#### Source data
(* sigma(L) <= N : the syntactic semigroup Sigma^+ / ~_L has at most N classes,
   i.e. at most N nonempty words represent all classes of nonempty words. *)
Definition synt_semigroup_size_le (T : finType) (L : lang T) (N : nat) : Prop :=
  exists reps : seq (seq T),
    size reps <= N /\ all (fun r => r != [::]) reps /\
    (forall x : seq T, x != [::] -> exists2 r, r \in reps & synt_eq L x r).

From mathcomp Require Import all_boot zify boolp.
Set Implicit Arguments. Unset Strict Implicit. Unset Printing Implicit Defensive.

(** The quotients of [L] are the states of its minimal automaton, and the
    syntactic semigroup acts faithfully on them by the transformations of the
    nonempty words.  Ordered by inclusion, the quotients form a poset with
    least element [L] when [L] is a left ideal (every quotient contains [L])
    and greatest element [L] when [L] is suffix-closed, and every
    transformation is monotone.  So it suffices to count the monotone
    self-maps [f] of an [n]-element poset with least element [z].  If the
    elements other than [z] form an antichain, [f] either fixes [z]
    ([n^(n-1)] maps) or is constant with value [f z <> z] ([n-1] maps).
    Otherwise fix [a < b] both different from [z]: the maps with [f z = p],
    values above [p] and [f a <= f b] number at most [k^(n-2)(k+1)/2] for
    [k = |up p|]; sorted by size, the [|up p|] with [p <> z] are dominated by
    [1, ..., n-1], and an elementary estimate of [sum k^(n-2)(k+1)] finishes. *)

Definition pinned_bound (n k : nat) := k ^ (n - 2) * k.+1.

Lemma expSn_ge_binomial2 e k :
  2 * k ^ e.+2 + 2 * e.+2 * k ^ e.+1 + e.+2 * e.+1 * k ^ e <= 2 * k.+1 ^ e.+2.
Proof.
elim: e => [|e IH]; first by rewrite !expnS expn0; nia.
move: IH; rewrite !expnS; set Z := k ^ e; set Y := k.+1 ^ e; nia.
Qed.

Lemma pinned_bound_step e k : 1 <= k <= e.+1 ->
  3 * pinned_bound e.+3 k + 2 * k ^ e.+2 <= 2 * k.+1 ^ e.+2.
Proof.
move=> /andP[k_gt0 k_le]; rewrite /pinned_bound subn2 /=.
have := expSn_ge_binomial2 e k; rewrite !expnS; set Z := k ^ e.
have : (3 * k * k + k) * Z <= (2 * e.+1 * k + e.+1 * e.+1 + e.+1) * Z.
  by apply: leq_mul => //; nia.
nia.
Qed.
Lemma in_Ek_edge I u v : symmetric E -> path E x p ->
  sorted ltn I -> last 0%N I = size p -> in_Ek k H w x p I u v -> E u v.
Proof.
move=> E_sym Ep I_sorted I_last [j [[/andP[j_gt0 j_lt] uv_seg] unit_seg _]].
have := nth_leq_last I_sorted j_lt; rewrite I_last.
set i := nth 0%N I j.-1 in unit_seg uv_seg.
have ij : nth 0%N I j = i.+1 by lia.
rewrite ij => i_lt; have := pathP x Ep i i_lt.
by case: uv_seg => [] [-> ->]; rewrite /pnode ij //= E_sym.
Qed.

Lemma is_kseg_merge I i j : is_kseg k E H w x p I ->
  (i.+1 < j)%N -> (j < size I)%N ->
  (dist H w (pnode x p (nth 0%N I i)) (pnode x p (nth 0%N I j))
     <= k%:R%:E * dist E w (pnode x p (nth 0%N I i)) (pnode x p (nth 0%N I j)))%E ->
  is_kseg k E H w x p (take i.+1 I ++ drop j I).
Proof.
move=> [I_sorted I_head I_last I_seg] ij jI ij_stretch.
have size_take : size (take i.+1 I) = i.+1 by rewrite size_takel //; lia.
have nth_merge l : nth 0%N (take i.+1 I ++ drop j I) l =
    nth 0%N I (if (l < i.+1)%N then l else j + (l - i.+1))%N.
  by rewrite nth_cat size_take; case: ifP => l_lt; rewrite ?nth_take ?nth_drop.
split.
- apply: (subseq_sorted ltn_trans _ I_sorted).
  rewrite -[X in subseq _ X](cat_take_drop j I); apply: cat_subseq => //.
  rewrite -[X in subseq _ X](cat_take_drop i.+1 (take j I)) take_takel; last by lia.
  exact: prefix_subseq.
- by move: jI I_head; case: (I).
- rewrite last_cat -I_last -[X in _ = last _ X](cat_take_drop j I) last_cat.
  by case: (drop j I) (size_drop j I) => [|z r] //=; lia.
rewrite size_cat size_take size_drop => l /andP[l_gt0 l_lt]; rewrite !nth_merge.
have [l_le|l_gt] := ltnP l i.+1.
  by rewrite (_ : (l.-1 < i.+1)%N); [apply: I_seg; lia | lia].
have [->|l_ne] := eqVneq l i.+1; first by rewrite /= ltnSn subnn addn0.
rewrite (_ : (l.-1 < i.+1)%N = false); last by lia.
by rewrite (_ : (j + (l.-1 - i.+1) = (j + (l - i.+1)).-1)%N); [apply: I_seg; lia | lia].
Qed.

Lemma min_kseg_adjacent I i j : is_min_kseg k E H w x p I ->
  (i < j < size I)%N ->
  (dist H w (pnode x p (nth 0%N I i)) (pnode x p (nth 0%N I j))
     <= k%:R%:E * dist E w (pnode x p (nth 0%N I i)) (pnode x p (nth 0%N I j)))%E ->
  j = i.+1.
Proof.
move=> [I_kseg I_min] /andP[ij jI] ij_stretch.
have [//|j_ne] := eqVneq j i.+1.
have ij1 : (i.+1 < j)%N by lia.
by case: (I_min i j ij1 jI); apply: is_kseg_merge.
Qed.

Lemma min_kseg_segment_pair I i j u v : is_min_kseg k E H w x p I ->
  (i < size I)%N -> (j < size I)%N ->
  u = pnode x p (nth 0%N I i) -> v = pnode x p (nth 0%N I j) -> u <> v ->
  (dist H w u v <= k%:R%:E * dist E w u v)%E ->
  (dist H w v u <= k%:R%:E * dist E w v u)%E ->
  exists l, is_segment_pair x p I l u v.
Proof.
move=> I_min iI jI -> -> uv uv_stretch vu_stretch.
have [ij|ji|ij] := ltngtP i j; last by rewrite ij in uv.
- have ijI : (i < j < size I)%N by rewrite ij jI.
  rewrite (min_kseg_adjacent I_min ijI uv_stretch).
  by exists i.+1; split; [lia | left].
- have jiI : (j < i < size I)%N by rewrite ji iI.
  rewrite (min_kseg_adjacent I_min jiI vu_stretch).
  by exists j.+1; split; [lia | right].
Qed.

End Segmentations.

Lemma center_slack_le (R : realFieldType) (k : nat) (wa wb W : R) :
  odd k -> wa <= W -> wb <= W ->
  (k%:R + 1) * ((k.-1)./2%:R * wa + (k.-1)./2%:R * wb) - (k ^ 2)%:R * W <= - W.
Proof.
move=> k_odd wa_le wb_le; set r : R := (k.-1)./2%:R.
have k_eq : k%:R = 2 * r + 1.
  have [m km] : exists m, k = m.*2.+1.
    by exists k./2; rewrite -[k in LHS]odd_double_half k_odd add1n.
  by rewrite /r km /= half_double -addn1 natrD -mul2n natrM.
have r_ge0 : 0 <= r by [].
have : (2 * r + 2) * r * (wa + wb) <= (2 * r + 2) * r * (2 * W).
  by rewrite ler_wpM2l ?mulr_ge0 ?addr_ge0 //; lra.
rewrite natrX k_eq; lra.
Qed.

Theorem lemma4p10 (R : realType) (T : finType)
    (E : rel T) (w : T -> T -> R) (H : rel T) (k : nat)
    (x y : T) (p : seq T) (I : seq nat) (a b s s' : T) :
  (* G = (T, E, w): undirected simple graph, positive weights,
     every edge is a shortest path between its endpoints *)
  symmetric E -> irreflexive E ->
  (forall u v, E u v -> w u v = w v u) ->
  (forall u v, E u v -> 0 < w u v) ->
  (forall u v, E u v -> dist E w u v = (w u v)%:E) ->
  (* H is the current subgraph of G *)
  symmetric H -> (forall u v, H u v -> E u v) ->
  (* k >= 3 odd *)
  (3 <= k)%N -> odd k ->
  (* the pair (x, y) chosen by the completion step *)
  (dist H w x y > (k%:R)%:E * dist E w x y + ((k.-1)%:R * Wmax E w)%:E)%E ->
  (* P_{x,y} = x :: p is a shortest path in G from x to y *)
  path E x p -> last x p = y -> (walk_weight w x p)%:E = dist E w x y ->
  (* S = I is a minimal k-segmentation of P w.r.t. H *)
  is_min_kseg k E H w x p I ->
  (* a, b are endpoints of added edges, s, s' their centers, satisfying the
     Baswana-Sen clustering invariant dist_H(a, s_a) <= R * w(e) *)
  (exists v, in_Ek k H w x p I a v) ->
  (exists v, in_Ek k H w x p I b v) ->
  (forall v, in_Ek k H w x p I a v ->
     (dist H w a s <= (((k.-1)./2)%:R * w a v)%:E)%E) ->
  (forall v, in_Ek k H w x p I b v ->
     (dist H w b s' <= (((k.-1)./2)%:R * w b v)%:E)%E) ->
  (* (s, s') is finalized in H *)
  (dist H w s s' <= (k%:R)%:E * dist E w s s' - ((k ^ 2)%:R * Wmax E w)%:E)%E ->
  exists j, is_segment_pair x p I j a b /\
            (dist H w a b <= (k%:R)%:E * dist E w a b)%E.
Proof.
move=> E_sym _ w_sym w_gt0 _ H_sym HE k_ge3 k_odd _ Ep _ _ I_min [va a_va] [vb b_vb]
  as_bound bs'_bound ss'_final.
have [[I_sorted _ I_last _] _] := I_min.
have w_ge0 u v : E u v -> 0 <= w u v by move/w_gt0/ltW.
have wH_sym u v : H u v -> w u v = w v u by move/HE/w_sym.
have wH_ge0 u v : H u v -> 0 <= w u v by move/HE/w_ge0.
have Ea := in_Ek_edge E_sym Ep I_sorted I_last a_va.
have Eb := in_Ek_edge E_sym Ep I_sorted I_last b_vb.
have [i iI a_i] := in_Ek_node a_va.
have [j jI b_j] := in_Ek_node b_vb.
set W := Wmax E w in ss'_final.
have W_gt0 : 0 < W by rewrite (lt_le_trans (w_gt0 _ _ Ea)) ?le_Wmax.
have K_gt0 : 0 < k%:R :> R by rewrite ltr0n; lia.
have ab_bound : (dist H w a b <= (k%:R)%:E * dist E w a b + (- W)%:E)%E.
  apply: le_trans (dist_le_through_centers HE H_sym wH_sym w_ge0 K_gt0
    (as_bound _ a_va) (bs'_bound _ b_vb) ss'_final) _.
  by apply/leeD2l; rewrite lee_fin center_slack_le ?le_Wmax.
have a_neq_b : a <> b.
  move=> ab; move: ab_bound; rewrite -ab (dist_refl wH_ge0) (dist_refl w_ge0).
  by rewrite -EFinM mulr0 -EFinD add0r lee_fin; lra.
have ab_stretch : (dist H w a b <= (k%:R)%:E * dist E w a b)%E.
  by apply: le_trans ab_bound (geeDl _ _); rewrite lee_fin oppr_le0 ltW.
have ba_stretch : (dist H w b a <= (k%:R)%:E * dist E w b a)%E.
  by rewrite dist_sym // [dist E w b a]dist_sym.
have [l ab_seg] := min_kseg_segment_pair I_min iI jI a_i b_j a_neq_b ab_stretch ba_stretch.
by exists l.
Qed.
(* For all $n,m$ and every distribution $\mathcal{D}$ supported on $[0,1]$, plurality is an $\alpha$-expected-welfare-maximizing rule for $\mathcal{D}$ with $\alpha=\max(\frac1m,\frac1n)$: for every preference profile $\sigma$, any alternative $p$ ranked first by the largest number of voters satisfies $\mathbb{E}[\mathrm{sw}(p,u)]\ge\max(\frac1m,\frac1n)\max_{j\in A}\mathbb{E}[\mathrm{sw}(j,u)]$.
   Context: There are $n$ voters and $m$ alternatives $A=\{1,\dots,m\}$. A preference profile $\sigma$ consists of a ranking of $A$ for each voter. Given $\mathcal{D}$ and $\sigma$, a random utility profile $u$ consistent with $\sigma$ is generated as follows: independently for each voter $i$, draw $m$ i.i.d. samples from $\mathcal{D}$ and assign them, from highest to lowest, to the alternatives in the order of voter $i$'s ranking. The social welfare of $j$ is $\mathrm{sw}(j,u)=\sum_i u_{ij}$; expectations are over $u$. *)

From HB Require Import structures.
From mathcomp Require Import all_boot all_order all_algebra all_fingroup.
From mathcomp Require Import all_classical all_reals all_analysis.
Set Implicit Arguments. Unset Strict Implicit. Unset Printing Implicit Defensive.
Import Order.TTheory GRing.Theory Num.Theory.
Local Open Scope ring_scope.
Local Open Scope classical_set_scope.

Section Defs.
Variable R : realType.
Variable D : probability R R.

(* Expectation of [f] when the coordinates indexed by the (duplicate-free)
   list [s] of an assignment [I -> R] are drawn i.i.d. from [D]
   (iterated integrals = integral against the product measure D^|s|);
   coordinates not in [s] are set to 0. *)
Fixpoint iid_expect (I : eqType) (s : seq I) (f : (I -> R) -> R) : R :=
  match s with
  | [::] => f (fun _ => 0)
  | a :: s' => Rintegral D setT
      (fun x => iid_expect s' (fun g => f (fun b => if b == a then x else g b)))
  end.

(* A preference profile: [sigma i j] is the position (0 = top) of alternative
   [j] in voter [i]'s ranking. *)
Definition profile (n m : nat) := 'I_n -> {perm 'I_m}.

(* Random utility profile consistent with [sigma], as a function of the
   n*m i.i.d. samples [x]: voter i's m samples are sorted from highest to
   lowest and assigned to the alternatives in the order of voter i's ranking. *)
Definition utility (n m : nat) (sigma : profile n m) (x : 'I_n * 'I_m -> R)
    (i : 'I_n) (j : 'I_m) : R :=
  nth 0 (sort (fun a b : R => b <= a) [seq x (i, k) | k <- enum 'I_m])
        (sigma i j).

Definition sw (n m : nat) (sigma : profile n m) (x : 'I_n * 'I_m -> R)
    (j : 'I_m) : R :=
  \sum_(i < n) utility sigma x i j.

Definition expected_sw (n m : nat) (sigma : profile n m) (j : 'I_m) : R :=
  iid_expect (enum {: 'I_n * 'I_m}) (fun x => sw sigma x j).

End Defs.

Definition plurality_score (n m : nat) (sigma : 'I_n -> {perm 'I_m}) (j : 'I_m) : nat :=
  #|[set i : 'I_n | nat_of_ord (sigma i j) == 0%N]|.

Definition plurality_winner (n m : nat) (sigma : 'I_n -> {perm 'I_m}) (p : 'I_m) : Prop :=
  forall j : 'I_m, (plurality_score sigma j <= plurality_score sigma p)%N.

From HB Require Import structures.
From mathcomp Require Import all_boot all_order all_algebra all_fingroup.
From mathcomp Require Import all_classical all_reals all_analysis.
From mathcomp Require Import measurable_realfun lra.
Import Order.TTheory GRing.Theory Num.Theory.
Import numFieldNormedType.Exports.
Set Implicit Arguments. Unset Strict Implicit. Unset Printing Implicit Defensive.
Local Open Scope ring_scope.
Local Open Scope classical_set_scope.
(* Consider a one-site PTM cascade with $n\ge1$ layers and positive total amounts. For each $i=0,\dots,n-1$ there is $\beta_i\in(0,\infty)$ such that: (a) $f_i$ is a continuous increasing function on $[0,\beta_i)$ with $f_i(0)=0$, mapping $[0,\beta_i)$ onto $[0,\infty)$; $\beta_i$ is the smallest positive singularity of $f_i$, and $d_{i+1}\big(f_{i+1}(\beta_i),f_{i+2}^Y(\beta_i)\big)=0$; (b) at the BMSS, $S_n^1\in[0,\beta_i)$ and $S_i^1=f_i(S_n^1)$ (with $S_0^1=E$); $f_i$ depends only on rate constants and on $\overline{F}_j,\overline{S}_j$ for $j\ge i+1$, and $f_i(s)=\frac{\lambda_{i+1}\cdots\lambda_n\overline{F}_{i+1}\cdots\overline{F}_n\,s}{d_{i+1}(f_{i+1}(s),f^Y_{i+2}(s))\cdots d_n(f_n(s),0)}$; (c) $\beta_{n-1}=\alpha_n$ and $\beta_i<\beta_{i+1}$ for $i<n-1$; (d) if all parameters except $\overline{S}_{i+1}$ are fixed and $\overline{S}_{i+1}\to+\infty$, then $\beta_i\to\beta_{i+1}$, where $\beta_n:=+\infty$; (e) at the BMSS, $S_j^1<\alpha_j$ for every $j=1,\dots,n$.
   Context: A one-site PTM cascade with $n$ layers has species $E=S_0^1$ and, for $i=1,\dots,n$, $S_i^0,S_i^1,F_i,Y_i^0,Y_i^1$, with reactions $S_{i-1}^1+S_i^0 \rightleftharpoons Y_i^0 \to S_{i-1}^1+S_i^1$ (rate constants $a_i^0,b_i^0,c_i^0$) and $F_i+S_i^1\rightleftharpoons Y_i^1\to F_i+S_i^0$ (rate constants $a_i^1,b_i^1,c_i^1$), all positive, mass-action kinetics. Put $\delta_i=a_i^1/(b_i^1+c_i^1)$, $\gamma_i=(c_i^1/c_i^0)\delta_i$, $\lambda_i=\frac{b_i^0+c_i^0}{a_i^0}\gamma_i$. Given total amounts $\overline{E},\overline{F}_i,\overline{S}_i$, a steady state is a real solution of: $Y_i^0=\gamma_iF_iS_i^1$, $Y_i^1=\delta_iF_iS_i^1$, $\lambda_iF_iS_i^1=S_i^0S_{i-1}^1$, $\overline{F}_i=F_i+Y_i^1$, $\overline{S}_i=S_i^0+S_i^1+Y_i^0+Y_i^1+Y_{i+1}^0$ ($i=1,\dots,n$, $Y_{n+1}^0:=0$), $\overline{E}=E+Y_1^0$. A BMSS is a steady state with positive total amounts and all concentrations nonnegative; it exists and is unique. Increasing means strictly increasing. Define for $i=1,\dots,n$: $d_i(x,y)=(\overline{S}_i-y)-x-\overline{F}_i(\delta_i+\gamma_i)x+\delta_i(\overline{S}_i-y)x-\delta_ix^2$, and let $\alpha_i$ be the unique positive root of $x\mapsto d_i(x,0)$. Let $g_i^Y(x)=\frac{\gamma_i\overline{F}_ix}{1+\delta_ix}$. Define rational functions of $s$ recursively: $f_n(s)=s$, $f_{n+1}^Y(s)=0$, and for $i=n,\dots,1$: $f_i^Y(s)=g_i^Y(f_i(s))$, $f_{i-1}(s)=\frac{\lambda_i\overline{F}_if_i(s)}{d_i(f_i(s),f_{i+1}^Y(s))}$. *)

From Stdlib Require Import Reals Lra Lia Arith.
Open Scope R_scope.

(* Parameters of a one-site PTM cascade: rate constants a_i^0,b_i^0,c_i^0,
   a_i^1,b_i^1,c_i^1 and total amounts Fbar_i, Sbar_i (indexed by i = 1..n)
   and Ebar. *)
Record cascade := mkCascade {
  a0 : nat -> R; b0 : nat -> R; c0 : nat -> R;
  a1 : nat -> R; b1 : nat -> R; c1 : nat -> R;
  Fb : nat -> R; Sb : nat -> R; Eb : R }.

Definition params_pos (p : cascade) (n : nat) : Prop :=
  0 < Eb p /\
  forall i, (1 <= i <= n)%nat ->
    0 < a0 p i /\ 0 < b0 p i /\ 0 < c0 p i /\
    0 < a1 p i /\ 0 < b1 p i /\ 0 < c1 p i /\
    0 < Fb p i /\ 0 < Sb p i.

Definition same_rates (p q : cascade) : Prop :=
  a0 p = a0 q /\ b0 p = b0 q /\ c0 p = c0 q /\
  a1 p = a1 q /\ b1 p = b1 q /\ c1 p = c1 q.

Definition setSb (p : cascade) (k : nat) (t : R) : cascade :=
  mkCascade (a0 p) (b0 p) (c0 p) (a1 p) (b1 p) (c1 p) (Fb p)
            (fun j => if Nat.eqb j k then t else Sb p j) (Eb p).

Definition delta (p : cascade) (i : nat) : R := a1 p i / (b1 p i + c1 p i).
Definition gamma (p : cascade) (i : nat) : R := (c1 p i / c0 p i) * delta p i.
Definition lam (p : cascade) (i : nat) : R :=
  (b0 p i + c0 p i) / a0 p i * gamma p i.

Definition d (p : cascade) (i : nat) (x y : R) : R :=
  (Sb p i - y) - x - Fb p i * (delta p i + gamma p i) * x
  + delta p i * (Sb p i - y) * x - delta p i * x ^ 2.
########
Could you write out exactly the lines above, starting at the first one and ending with the line that has "self-maps [f] of"?

> [Response below]
(* sigma(L) <= N : the syntactic semigroup Sigma^+ / ~_L has at most N classes,
   i.e. at most N nonempty words represent all classes of nonempty words. *)
Definition synt_semigroup_size_le (T : finType) (L : lang T) (N : nat) : Prop :=
  exists reps : seq (seq T),
    size reps <= N /\ all (fun r => r != [::]) reps /\
    (forall x : seq T, x != [::] -> exists2 r, r \in reps & synt_eq L x r).

From mathcomp Require Import all_boot zify boolp.
Set Implicit Arguments. Unset Strict Implicit. Unset Printing Implicit Defensive.

(** The quotients of [L] are the states of its minimal automaton, and the
    syntactic semigroup acts faithfully on them by the transformations of the
    nonempty words.  Ordered by inclusion, the quotients form a poset with
    least element [L] when [L] is a left ideal (every quotient contains [L])
    and greatest element [L] when [L] is suffix-closed, and every
    transformation is monotone.  So it suffices to count the monotone
    self-maps [f] of an [n]-element poset with least element [z].  If the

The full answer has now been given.